For the records below, tally the lines that include the word "Binomial" and report the number alone.

- SOURCE DATA -
━━━━━━━━
(* Assume $b<0$ and $a>0$, and let $(J,E)\in D_1$. Then, as $E\to E_+(J)$, \[ \lim_{E\to E_+(J)}T(J,E)=+\infty,\qquad \lim_{E\to E_+(J)}\tilde M(J,E)=+\infty,\qquad \lim_{E\to E_+(J)}\frac{\tilde M(J,E)}{T(J,E)}=\frac{q^2-a}{2b}, \] \[ \lim_{E\to E_+(J)}\tilde P(J,E)=+\infty,\qquad \lim_{E\to E_+(J)}\frac{\tilde P(J,E)}{T(J,E)}=\frac{q(q^2-a)}{2b}. \]
   Context: Consider the profile equation $u_{xx}+au+b|u|^2u=0$ (defocusing case $b<0$, with $a>0$), with conserved angular momentum $J=\Im(u\bar u_x)$ and energy $E=\frac12|u_x|^2+\frac a2|u|^2+\frac b4|u|^4$; without loss of generality $J\ge 0$. Writing $u=re^{i\phi}$, one has $E=\frac{r_x^2}{2}+V_J(r)$ with potential $V_J(r)=\frac{J^2}{2r^2}+a\frac{r^2}{2}+b\frac{r^4}{4}$. For $0<J<\sqrt{\frac{4}{27}\frac{a^3}{b^2}}$, parametrize $J=q\frac{q^2-a}{b}=Q\frac{Q^2-a}{b}$ with $0<q^2<\frac a3<Q^2<a$ ($q,Q$ of the same sign as $J$), and set $E_-(J)=\frac{1}{4b}(Q^2-a)(3Q^2+a)$ (local minimum value of $V_J$) and $E_+(J)=\frac{1}{4b}(q^2-a)(3q^2+a)$ (local maximum value of $V_J$). The domain is $D_1=\{(J,E)\in\mathbb R^2:0<J<\sqrt{\frac{4}{27}\frac{a^3}{b^2}},\ E_-(J)<E<E_+(J)\}$. For $(J,E)\in D_1$, let $r_1<r_2<r_3$ be the three positive roots of $E-V_J(r)$, and define the period, mass and momentum of the corresponding solution by $T(J,E)=2\int_{r_1}^{r_2}\frac{dr}{\sqrt{2(E-V_J(r))}}$, $\tilde M(J,E)=\frac12\int_0^{T}|u|^2dx=\int_{r_1}^{r_2}\frac{r^2\,dr}{\sqrt{2(E-V_J(r))}}$, $\tilde P(J,E)=\frac12\Im\int_0^T u\bar u_x\,dx=\frac12 T(J,E)J$. *)

From Stdlib Require Import Reals Lra ClassicalEpsilon.
From Coquelicot Require Import Coquelicot.
Open Scope R_scope.

Definition VJ (a b J r : R) : R :=
  J ^ 2 / (2 * r ^ 2) + a * r ^ 2 / 2 + b * r ^ 4 / 4.

Definition three_roots (a b J E : R) (t : R * R * R) : Prop :=
  let '(r1, r2, r3) := t in
  0 < r1 /\ r1 < r2 /\ r2 < r3 /\
  (forall r, 0 < r -> (E - VJ a b J r = 0 <-> (r = r1 \/ r = r2 \/ r = r3))).

Definition roots (a b J E : R) : R * R * R :=
  epsilon (inhabits (0, 0, 0)) (three_roots a b J E).

Definition root1 a b J E : R := fst (fst (roots a b J E)).
Definition root2 a b J E : R := snd (fst (roots a b J E)).

Definition Tper (a b J E : R) : R :=
  2 * RInt_gen (fun r => / sqrt (2 * (E - VJ a b J r)))
        (at_right (root1 a b J E)) (at_left (root2 a b J E)).

Definition Mtil (a b J E : R) : R :=
  RInt_gen (fun r => r ^ 2 / sqrt (2 * (E - VJ a b J r)))
        (at_right (root1 a b J E)) (at_left (root2 a b J E)).

Definition Ptil (a b J E : R) : R := / 2 * Tper a b J E * J.

Definition Eplus_J (a b q : R) : R := / (4 * b) * (q ^ 2 - a) * (3 * q ^ 2 + a).

From Stdlib Require Import Reals Lra ClassicalEpsilon.
From Coquelicot Require Import Coquelicot.
Open Scope R_scope.

(* With [s = r^2] one has [E - V_J(r) = P_E(s) / s] for a cubic [P_E] which, at
   [E = E_+(J)], has the double root [rho = (q^2 - a) / b] (where [V_J] has its
   local maximum) and a simple root [sig < rho].  For [E] slightly below [E_+(J)]
   its roots are [s1 < s2 < rho < s3], and [r_i = sqrt s_i].  At [r1] and [r2] the
   integrands blow up only like inverse square roots, so the integrals converge;
   with the weight [rho - r^2] they even stay bounded uniformly in [E], which
   gives [M~ = rho T / 2 + O(1)].  On the other hand [2 (E - V_J(r))] is at most
   [8 c rho (sqrt rho - r)^2] with [c = - b / 4], so [T] grows like
   [- ln (sqrt rho - r2)], which diverges as [r2 -> sqrt rho].  All five limits
   follow from these two facts and [P~ = J T / 2]. *)

Lemma at_right_interval (x d : R) (P : R -> Prop) :
  0 < d -> (forall y, x < y < x + d -> P y) -> at_right x P.
Proof.
  intros Hd HP. exists (mkposreal d Hd). intros y Hy Hxy. apply HP.
  change (Rabs (y - x) < d) in Hy. apply Rabs_def2 in Hy. lra.
Qed.

Lemma at_left_interval (x d : R) (P : R -> Prop) :
  0 < d -> (forall y, x - d < y < x -> P y) -> at_left x P.
Proof.
  intros Hd HP. exists (mkposreal d Hd). intros y Hy Hxy. apply HP.
  change (Rabs (y - x) < d) in Hy. apply Rabs_def2 in Hy. lra.
Qed.

Lemma at_left_lt (x : R) : at_left x (fun y => y < x).
Proof. apply at_left_interval with 1; [lra | intros; lra]. Qed.

Lemma filterlim_p_infty_intro {T : Type} {F : (T -> Prop) -> Prop} {FF : Filter F} (f : T -> R) :
  (forall N, F (fun x => N < f x)) -> filterlim f F (Rbar_locally p_infty).
Proof. intros H P [M HM]. apply filter_imp with (2 := H M). intros x Hx. exact (HM _ Hx). Qed.

Lemma filterlim_p_infty_gt {T : Type} {F : (T -> Prop) -> Prop} {FF : Filter F} (f : T -> R) :
  filterlim f F (Rbar_locally p_infty) -> forall N, F (fun x => N < f x).
Proof. intros Hf N. apply Hf. exists N. auto. Qed.

Lemma filterlim_p_infty_affine {T : Type} {F : (T -> Prop) -> Prop} {FF : Filter F}
  (f : T -> R) (al be : R) :
  0 < al -> filterlim f F (Rbar_locally p_infty) ->
  filterlim (fun x => al * f x + be) F (Rbar_locally p_infty).
Proof.
  intros Hal Hf. apply filterlim_p_infty_intro. intros N.
  apply filter_imp with (2 := filterlim_p_infty_gt f Hf ((N - be) / al)).
  intros x Hx. apply Rlt_div_l in Hx; [|lra]. lra.
Qed.

Lemma filterlim_div_of_bounded_gap {T : Type} {F : (T -> Prop) -> Prop} {FF : Filter F}
  (f g : T -> R) (al B : R) :
  filterlim g F (Rbar_locally p_infty) -> F (fun x => Rabs (f x - al * g x) <= B) ->
  filterlim (fun x => f x / g x) F (locally al).
Proof.
  intros Hg HB. apply filterlim_locally. intros [eps Heps].
  generalize (filter_and _ _ (filterlim_p_infty_gt g Hg (Rabs B / eps)) HB).
  apply filter_imp. intros x [Hgx Hx]. change (Rabs (f x / g x - al) < eps).
  assert (0 <= Rabs B / eps) by (apply Rdiv_le_0_compat; [apply Rabs_pos | lra]).
  assert (hg : 0 < g x) by lra.
  apply Rlt_div_l in Hgx; [|lra].
  replace (f x / g x - al) with ((f x - al * g x) / g x) by (field; lra).
  rewrite Rabs_div, (Rabs_pos_eq (g x)) by lra.
  apply Rlt_div_l; [lra|]. pose proof (Rle_abs B). nra.
Qed.

(** * Integrals with inverse square root singularities *)

Lemma ex_RInt_open_interval (h : R -> R) (al be x y : R) :
  (forall r, al < r < be -> continuous h r) ->
  al < x < be -> al < y < be -> ex_RInt h x y.
Proof.
  intros Hc Hx Hy. apply (ex_RInt_continuous (V := R_CompleteNormedModule)).
  intros z Hz. apply Hc. split.
  - apply Rlt_le_trans with (Rmin x y); [apply Rmin_glb_lt|]; lra.
  - apply Rle_lt_trans with (Rmax x y); [|apply Rmax_lub_lt]; lra.
Qed.

Lemma le_inv_sqrt_singularity (al be K h r : R) :
  al < r < be -> 0 <= h -> 0 <= K -> h ^ 2 * ((r - al) * (be - r)) <= K ^ 2 ->
  h <= K / sqrt (be - al) * (/ sqrt (r - al) + / sqrt (be - r)).
Proof.
  intros Hr Hh HK Hsq.
  set (u := sqrt (r - al)); set (v := sqrt (be - r)); set (w := sqrt (be - al)).
  assert (hu : 0 < u) by (apply sqrt_lt_R0; lra).
  assert (hv : 0 < v) by (apply sqrt_lt_R0; lra).
  assert (hw : 0 < w) by (apply sqrt_lt_R0; lra).
  assert (hu2 : u * u = r - al) by (apply sqrt_sqrt; lra).
  assert (hv2 : v * v = be - r) by (apply sqrt_sqrt; lra).
  assert (hw2 : w * w = be - al) by (apply sqrt_sqrt; lra).
  assert (huv : h * (u * v) <= K).
  { apply Rsqr_incr_0_var; [|lra]. unfold Rsqr.
    replace (h * (u * v) * (h * (u * v))) with (h ^ 2 * ((u * u) * (v * v))) by ring.
    rewrite hu2, hv2. lra. }
  assert (hwuv : w <= u + v) by (apply Rsqr_incr_0_var; unfold Rsqr; nra).
  replace (K / w * (/ u + / v)) with (K * (u + v) / (w * (u * v))) by (field; lra).
  apply Rle_div_r; [apply Rmult_lt_0_compat; nra|].
  apply Rle_trans with (K * w); nra.
Qed.

Lemma is_RInt_inv_sqrt_singularity (al be x y : R) :
  al < x -> x <= y -> y < be ->
  is_RInt (fun r => / sqrt (r - al) + / sqrt (be - r)) x y
    (2 * (sqrt (y - al) - sqrt (x - al)) + 2 * (sqrt (be - x) - sqrt (be - y))).
Proof.
  intros Hx Hxy Hy.
  replace (2 * (sqrt (y - al) - sqrt (x - al)) + 2 * (sqrt (be - x) - sqrt (be - y)))
    with (minus (2 * sqrt (y - al) - 2 * sqrt (be - y)) (2 * sqrt (x - al) - 2 * sqrt (be - x)))
    by (unfold minus, plus, opp; simpl; ring).
  apply (is_RInt_derive (fun r => 2 * sqrt (r - al) - 2 * sqrt (be - r))).
  - intros r Hr. rewrite Rmin_left, Rmax_right in Hr by lra.
    auto_derive; [lra|].
    replace (r + - al) with (r - al) by ring. replace (be + - r) with (be - r) by ring.
    field. split; apply Rgt_not_eq, sqrt_lt_R0; lra.
  - intros r Hr. rewrite Rmin_left, Rmax_right in Hr by lra.
    apply (ex_derive_continuous (fun r => / sqrt (r - al) + / sqrt (be - r))).
    auto_derive. repeat split; try lra; apply Rgt_not_eq, sqrt_lt_R0; lra.
Qed.

Lemma RInt_le_inv_sqrt_singularity (h : R -> R) (al be K x y : R) :
  0 <= K ->
  (forall r, al < r < be -> continuous h r) ->
  (forall r, al < r < be -> 0 <= h r) ->
  (forall r, al < r < be -> h r ^ 2 * ((r - al) * (be - r)) <= K ^ 2) ->
  al < x -> x <= y -> y < be -> RInt h x y <= 4 * K.
Proof.
  intros HK Hc Hp Hb Hx Hxy Hy.
  assert (hw : 0 < sqrt (be - al)) by (apply sqrt_lt_R0; lra).
  set (g := fun r => / sqrt (r - al) + / sqrt (be - r)).
  assert (Hg := is_RInt_inv_sqrt_singularity al be x y Hx Hxy Hy). fold g in Hg.
  set (k := K / sqrt (be - al)).
  assert (Hkg : is_RInt (fun r => k * g r) x y
                  (k * (2 * (sqrt (y - al) - sqrt (x - al)) + 2 * (sqrt (be - x) - sqrt (be - y)))))
    by exact (is_RInt_scal g x y k _ Hg).
  apply Rle_trans with (RInt (fun r => k * g r) x y).
  - apply RInt_le; [lra | apply (ex_RInt_open_interval h al be); auto; lra | eexists; exact Hkg |].
    intros r Hr. apply le_inv_sqrt_singularity; [lra | apply Hp; lra | exact HK | apply Hb; lra].
  - rewrite (is_RInt_unique _ _ _ _ Hkg).
    assert (sqrt (y - al) <= sqrt (be - al)) by (apply sqrt_le_1_alt; lra).
    assert (sqrt (be - x) <= sqrt (be - al)) by (apply sqrt_le_1_alt; lra).
    assert (0 <= sqrt (x - al)) by apply sqrt_pos.
    assert (0 <= sqrt (be - y)) by apply sqrt_pos.
    apply Rle_trans with (k * (4 * sqrt (be - al))).
    + apply Rmult_le_compat_l; [apply Rdiv_le_0_compat|]; lra.
    + right. unfold k. field. lra.
Qed.

Lemma RInt_le_nested (h : R -> R) (al be x x0 y0 y : R) :
  (forall r, al < r < be -> continuous h r) ->
  (forall r, al < r < be -> 0 <= h r) ->
  al < x <= x0 -> x0 <= y0 -> y0 <= y < be -> RInt h x0 y0 <= RInt h x y.
Proof.
  intros Hc Hp Hx Hxy Hy.
  assert (exh : forall u v, al < u < be -> al < v < be -> ex_RInt h u v)
    by (intros; apply (ex_RInt_open_interval h al be); auto).
  rewrite <- (RInt_Chasles h x x0 y), <- (RInt_Chasles h x0 y0 y) by (apply exh; lra).
  assert (0 <= RInt h x x0) by (apply RInt_ge_0; [lra | apply exh; lra | intros; apply Hp; lra]).
  assert (0 <= RInt h y0 y) by (apply RInt_ge_0; [lra | apply exh; lra | intros; apply Hp; lra]).
  unfold plus; simpl. lra.
Qed.
(* (i) We have $$\sum_{k=0}^\infty\frac{(49k+1)8^k}{3^k\binom{3k}k}=81+16\sqrt3\,\pi.$$ (ii) Let $c=\frac32\left((1+\sqrt2)^{1/3}-(1+\sqrt2)^{-1/3}\right)$, so $1/c=1.11843\cdots$. If $n$ is a real number with $n<-1/3$ or $n>1/c$, then $$\sum_{k=0}^\infty\frac{a_nk-b_n}{((1-n)n^2)^k\binom{3k}k}=3n^2(n-1)\left(4\log\left(1-\frac1n\right)-9(3n^2-6n+1)\right),$$ where $$a_n=(3n+1)(3n-2)^2(9n^2-12n+1),\qquad b_n=81n^5-243n^4+189n^3-69n^2+48n-2.$$ In particular, \begin{align*} \sum_{k=0}^\infty\frac{275k-158}{2^k\binom{3k}k}&=6\log2-135,\\ \sum_{k=0}^\infty\frac{728k-17}{(-4)^k\binom{3k}k}&=-54-24\log2,\\ \sum_{k=0}^\infty\frac{(1813k-2707)8^k}{3^k\binom{3k}k}&=9(16\log3-171),\\ \sum_{k=0}^\infty\frac{5635k-1156}{(-18)^k\binom{3k}k}&=54\log\frac23-1215,\\ \sum_{k=0}^\infty\frac{63050k-15959}{(-48)^k\binom{3k}k}&=72\left(4\log\frac34-225\right),\\ \sum_{k=0}^\infty\frac{112216k-30847}{(-100)^k\binom{3k}k}&=300\log\frac45-31050,\\ \sum_{k=0}^\infty\frac{615296k-176777}{(-180)^k\binom{3k}k}&=270\left(4\log\frac56-657\right),\\ \sum_{k=0}^\infty\frac{710809k-209926}{(-294)^k\binom{3k}k}&=441\left(2\log\frac67-477\right),\\ \sum_{k=0}^\infty\frac{2910050k-875807}{(-448)^k\binom{3k}k}&=672\left(4\log\frac78-1305\right),\\ \sum_{k=0}^\infty\frac{2721250k-830317}{(-648)^k\binom{3k}k}&=972\left(2\log\frac89-855\right),\\ \sum_{k=0}^\infty\frac{9490712k-2926289}{(-900)^k\binom{3k}k}&=1350\left(4\log\frac9{10}-2169\right),\\ \sum_{k=0}^\infty\frac{7825423k-2432776}{(-1210)^k\binom{3k}k}&=1815\left(2\log\frac{10}{11}-1341\right). \end{align*}
   Context: $\log$ is the natural logarithm. *)

From Stdlib Require Import Reals.
From Coquelicot Require Import Coquelicot.
Open Scope R_scope.

Definition binom3 (k : nat) : R := Binomial.C (3 * k)%nat k.

Definition c_const : R :=
  3 / 2 * (Rpower (1 + sqrt 2) (1 / 3) - Rpower (1 + sqrt 2) (- (1 / 3))).

Definition a_n (n : R) : R :=
  (3 * n + 1) * (3 * n - 2) ^ 2 * (9 * n ^ 2 - 12 * n + 1).

Definition b_n (n : R) : R :=
  81 * n ^ 5 - 243 * n ^ 4 + 189 * n ^ 3 - 69 * n ^ 2 + 48 * n - 2.

(* By the beta integral, 1 / binom(3k, k) = (3k + 1) * int_0^1 t^k (1 - t)^(2k) dt, so
   sum_k (a k - b) / (q^k binom(3k, k)) = int_0^1 sum_k (a k - b) (3k + 1) w^k dt with
   w = t (1 - t)^2 / q.  Since t (1 - t)^2 <= 4/27 on [0, 1], the hypothesis |q| > 4/27
   makes the geometric-type series converge uniformly, and the inner sum is a rational
   function of w.  For q = (1 - n) n^2 the denominator q - t (1 - t)^2 splits as
   (1 - n - t) (t^2 - (1 + n) t + n^2), so the integrand has an explicit antiderivative:
   with a logarithm in general (ii), and with an arctangent for q = 3/8, n = -1/2, and the
   numerator of (i).  Finally |(1 - n) n^2| > 4/27 exactly when n < -1/3 or n > 1/c, where
   1/c is the real root of (m - 1) m^2 = 4/27. *)

From Stdlib Require Import Reals Lra Lia Factorial.
From Coquelicot Require Import Coquelicot.
Open Scope R_scope.

Lemma is_RInt_pow_0_1 (p : nat) : is_RInt (fun t => t ^ p) 0 1 (/ (INR p + 1)).
Proof.
  assert (Hp : INR p + 1 <> 0) by (pose proof (pos_INR p); lra).
  replace (/ (INR p + 1)) with (1 ^ S p / (INR p + 1) - 0 ^ S p / (INR p + 1))
    by (rewrite pow1, pow_i by lia; field; exact Hp).
  apply (is_RInt_derive (fun t => t ^ S p / (INR p + 1))).
  - intros t _. auto_derive; [exact I|].
    change (1 * (INR (S p) * t ^ p) / (INR p + 1) = t ^ p). rewrite S_INR. field. exact Hp.
  - intros t _. apply (@ex_derive_continuous R_AbsRing R_NormedModule). auto_derive. exact I.
Qed.

Definition beta_nat (p r : nat) : R :=
  INR (fact p) * INR (fact r) / INR (fact (p + r + 1)).

Lemma is_RInt_beta_nat (p r : nat) :
  is_RInt (fun t => t ^ p * (1 - t) ^ r) 0 1 (beta_nat p r).
Proof.
  revert p; induction r as [|r IH]; intros p.
  - replace (beta_nat p 0) with (/ (INR p + 1)).
    + apply (is_RInt_ext (fun t => t ^ p)); [intros; simpl; ring | apply is_RInt_pow_0_1].
    + unfold beta_nat. replace (p + 0 + 1)%nat with (S p) by lia.
      rewrite fact_simpl, mult_INR, S_INR. simpl (INR (fact 0)).
      pose proof (pos_INR p). field. split; [apply INR_fact_neq_0 | lra].
  - replace (beta_nat p (S r)) with (beta_nat p r - beta_nat (S p) r).
    + apply (is_RInt_ext (fun t => t ^ p * (1 - t) ^ r - t ^ S p * (1 - t) ^ r)).
      * intros; simpl; ring.
      * exact (is_RInt_minus _ _ _ _ _ _ (IH p) (IH (S p))).
    + unfold beta_nat.
      replace (S p + r + 1)%nat with (S (p + r + 1)) by lia.
      replace (p + S r + 1)%nat with (S (p + r + 1)) by lia.
      rewrite !fact_simpl, !mult_INR.
      replace (INR (S (p + r + 1))) with (INR (S p) + INR (S r))
        by (rewrite <- plus_INR; f_equal; lia).
      rewrite !S_INR. pose proof (pos_INR p); pose proof (pos_INR r).
      field. split; [apply INR_fact_neq_0 | lra].
Qed.

Lemma binom3_pos (k : nat) : 0 < binom3 k.
Proof.
  unfold binom3, Binomial.C.
  apply Rdiv_lt_0_compat; [|apply Rmult_lt_0_compat]; apply INR_fact_lt_0.
Qed.

Lemma inv_binom3 (k : nat) : / binom3 k = INR (3 * k + 1) * beta_nat k (2 * k).
Proof.
  unfold binom3, Binomial.C, beta_nat.
  replace (3 * k - k)%nat with (2 * k)%nat by lia.
  replace (k + 2 * k + 1)%nat with (S (3 * k)) by lia.
  replace (3 * k + 1)%nat with (S (3 * k)) by lia.
  rewrite fact_simpl, mult_INR.
  field. repeat split; try apply INR_fact_neq_0. apply not_0_INR; lia.
Qed.

Section QuadraticGeometric.

Variables al be ga : R.

Definition quad (k : nat) : R := al * INR k ^ 2 + be * INR k + ga.

(* For [|x| < 1], [quad_geom_tail x N] is the tail [sum_(k >= N) quad k * x ^ k]. *)
Definition quad_geom_tail (x : R) (N : nat) : R :=
  x ^ N * (al * x * (1 + x) / (1 - x) ^ 3 + (2 * al * INR N + be) * x / (1 - x) ^ 2
           + quad N / (1 - x)).

Lemma sum_n_quad_geom (x : R) (N : nat) : x <> 1 ->
  sum_n (fun k => quad k * x ^ k) N = quad_geom_tail x 0 - quad_geom_tail x (S N).
Proof.
  intros Hx. assert (H1 : 1 - x <> 0) by lra.
  induction N as [|N IH].
  - rewrite sum_O. unfold quad_geom_tail, quad. rewrite !S_INR. simpl INR.
    apply Rminus_diag_uniq. field. exact H1.
  - rewrite sum_Sn, IH. change plus with Rplus.
    unfold quad_geom_tail, quad. rewrite !S_INR. simpl pow.
    apply Rminus_diag_uniq. field. exact H1.
Qed.

Lemma abs_quad_le (N : nat) : Rabs (quad N) <= Rabs al * INR N ^ 2 + Rabs be * INR N + Rabs ga.
Proof.
  pose proof (pos_INR N).
  unfold quad. eapply Rle_trans; [apply Rabs_triang|].
  pose proof (Rabs_triang (al * INR N ^ 2) (be * INR N)).
  rewrite !Rabs_mult, (Rabs_pos_eq (INR N ^ 2)), (Rabs_pos_eq (INR N)) in *
    by (try apply pow_le; lra).
  lra.
Qed.

(* [u] stands for [1 / (1 - x)] and [E] for an upper bound of it. *)
Lemma abs_quad_geom_tail_factor_le (x u E : R) (N : nat) :
  Rabs x <= 1 -> 0 < u <= E -> 1 <= E ->
  Rabs (al * x * (1 + x) * u ^ 3 + (2 * al * INR N + be) * x * u ^ 2 + quad N * u)
  <= (2 * Rabs al + Rabs be + Rabs ga) * (INR N + 1) ^ 2 * E ^ 3.
Proof.
  intros Hx1 Hu HE.
  pose proof (pos_INR N) as HN.
  pose proof (Rabs_pos al); pose proof (Rabs_pos be); pose proof (Rabs_pos ga).
  assert (Hx2 : Rabs (1 + x) <= 2) by (apply Rabs_le; apply Rabs_le_between in Hx1; lra).
  assert (Hu3 : u ^ 3 <= E ^ 3) by (apply pow_incr; lra).
  assert (Hu2 : u ^ 2 <= E ^ 3) by (simpl; nra).
  assert (Hu1 : u <= E ^ 3) by (simpl; nra).
  assert (HA : Rabs (al * x * (1 + x) * u ^ 3) <= 2 * Rabs al * E ^ 3).
  { rewrite !Rabs_mult, (Rabs_pos_eq (u ^ 3)) by (apply pow_le; lra).
    replace (2 * Rabs al * E ^ 3) with (Rabs al * 1 * 2 * E ^ 3) by ring.
    apply Rmult_le_compat;
      [repeat apply Rmult_le_pos; apply Rabs_pos | apply pow_le; lra | | exact Hu3].
    apply Rmult_le_compat; [apply Rmult_le_pos; apply Rabs_pos | apply Rabs_pos | | exact Hx2].
    apply Rmult_le_compat; [apply Rabs_pos | apply Rabs_pos | lra | exact Hx1]. }
  assert (HB : Rabs ((2 * al * INR N + be) * x * u ^ 2)
               <= (2 * Rabs al * INR N + Rabs be) * E ^ 3).
  { assert (Hc : Rabs (2 * al * INR N + be) <= 2 * Rabs al * INR N + Rabs be).
    { eapply Rle_trans; [apply Rabs_triang|].
      rewrite !Rabs_mult, Rabs_pos_eq, (Rabs_pos_eq (INR N)) by lra. lra. }
    rewrite !Rabs_mult, (Rabs_pos_eq (u ^ 2)) by (apply pow_le; lra).
    replace ((2 * Rabs al * INR N + Rabs be) * E ^ 3)
      with ((2 * Rabs al * INR N + Rabs be) * 1 * E ^ 3) by ring.
    apply Rmult_le_compat; [apply Rmult_le_pos; apply Rabs_pos | apply pow_le; lra | | exact Hu2].
    apply Rmult_le_compat; [apply Rabs_pos | apply Rabs_pos | exact Hc | exact Hx1]. }
  assert (HC : Rabs (quad N * u) <= (Rabs al * INR N ^ 2 + Rabs be * INR N + Rabs ga) * E ^ 3).
  { rewrite Rabs_mult, (Rabs_pos_eq u) by lra.
    apply Rmult_le_compat; [apply Rabs_pos | lra | apply abs_quad_le | exact Hu1]. }
  pose proof (Rabs_triang (al * x * (1 + x) * u ^ 3 + (2 * al * INR N + be) * x * u ^ 2)
                          (quad N * u)).
  pose proof (Rabs_triang (al * x * (1 + x) * u ^ 3) ((2 * al * INR N + be) * x * u ^ 2)).
  assert (Rabs al * (INR N ^ 2 + 2 * INR N + 2) + Rabs be * (INR N + 1) + Rabs ga
          <= (2 * Rabs al + Rabs be + Rabs ga) * (INR N + 1) ^ 2) by (simpl; nra).
  assert (0 <= E ^ 3) by (apply pow_le; lra).
  nra.
Qed.

Lemma quad_geom_tail_bound (x rho : R) (N : nat) : 0 <= rho < 1 -> Rabs x <= rho ->
  Rabs (quad_geom_tail x N)
  <= (2 * Rabs al + Rabs be + Rabs ga) / (1 - rho) ^ 3 * ((INR N + 1) ^ 2 * rho ^ N).
Proof.
  intros Hrho Hx.
  apply Rabs_le_between in Hx as Hx'.
  set (E := / (1 - rho)).
  set (u := / (1 - x)).
  assert (HE : 1 <= E) by (unfold E; rewrite <- Rinv_1; apply Rinv_le_contravar; lra).
  assert (Hu : 0 < u <= E).
  { unfold u, E. split; [apply Rinv_0_lt_compat; lra | apply Rinv_le_contravar; lra]. }
  assert (HxN : Rabs (x ^ N) <= rho ^ N).
  { rewrite <- RPow_abs. apply pow_incr. split; [apply Rabs_pos | lra]. }
  unfold quad_geom_tail. fold u E.
  replace (al * x * (1 + x) / (1 - x) ^ 3 + (2 * al * INR N + be) * x / (1 - x) ^ 2
           + quad N / (1 - x))
    with (al * x * (1 + x) * u ^ 3 + (2 * al * INR N + be) * x * u ^ 2 + quad N * u)
    by (unfold u; rewrite !pow_inv; field; lra).
  rewrite Rabs_mult.
  replace ((2 * Rabs al + Rabs be + Rabs ga) / (1 - rho) ^ 3 * ((INR N + 1) ^ 2 * rho ^ N))
    with (rho ^ N * ((2 * Rabs al + Rabs be + Rabs ga) * (INR N + 1) ^ 2 * E ^ 3))
    by (unfold E; rewrite pow_inv; field; lra).
  apply Rmult_le_compat; [apply Rabs_pos | apply Rabs_pos | exact HxN |].
  apply abs_quad_geom_tail_factor_le; [apply Rabs_le; lra | exact Hu | exact HE].
Qed.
━━━━━━━━
- SOLUTION BELOW -
3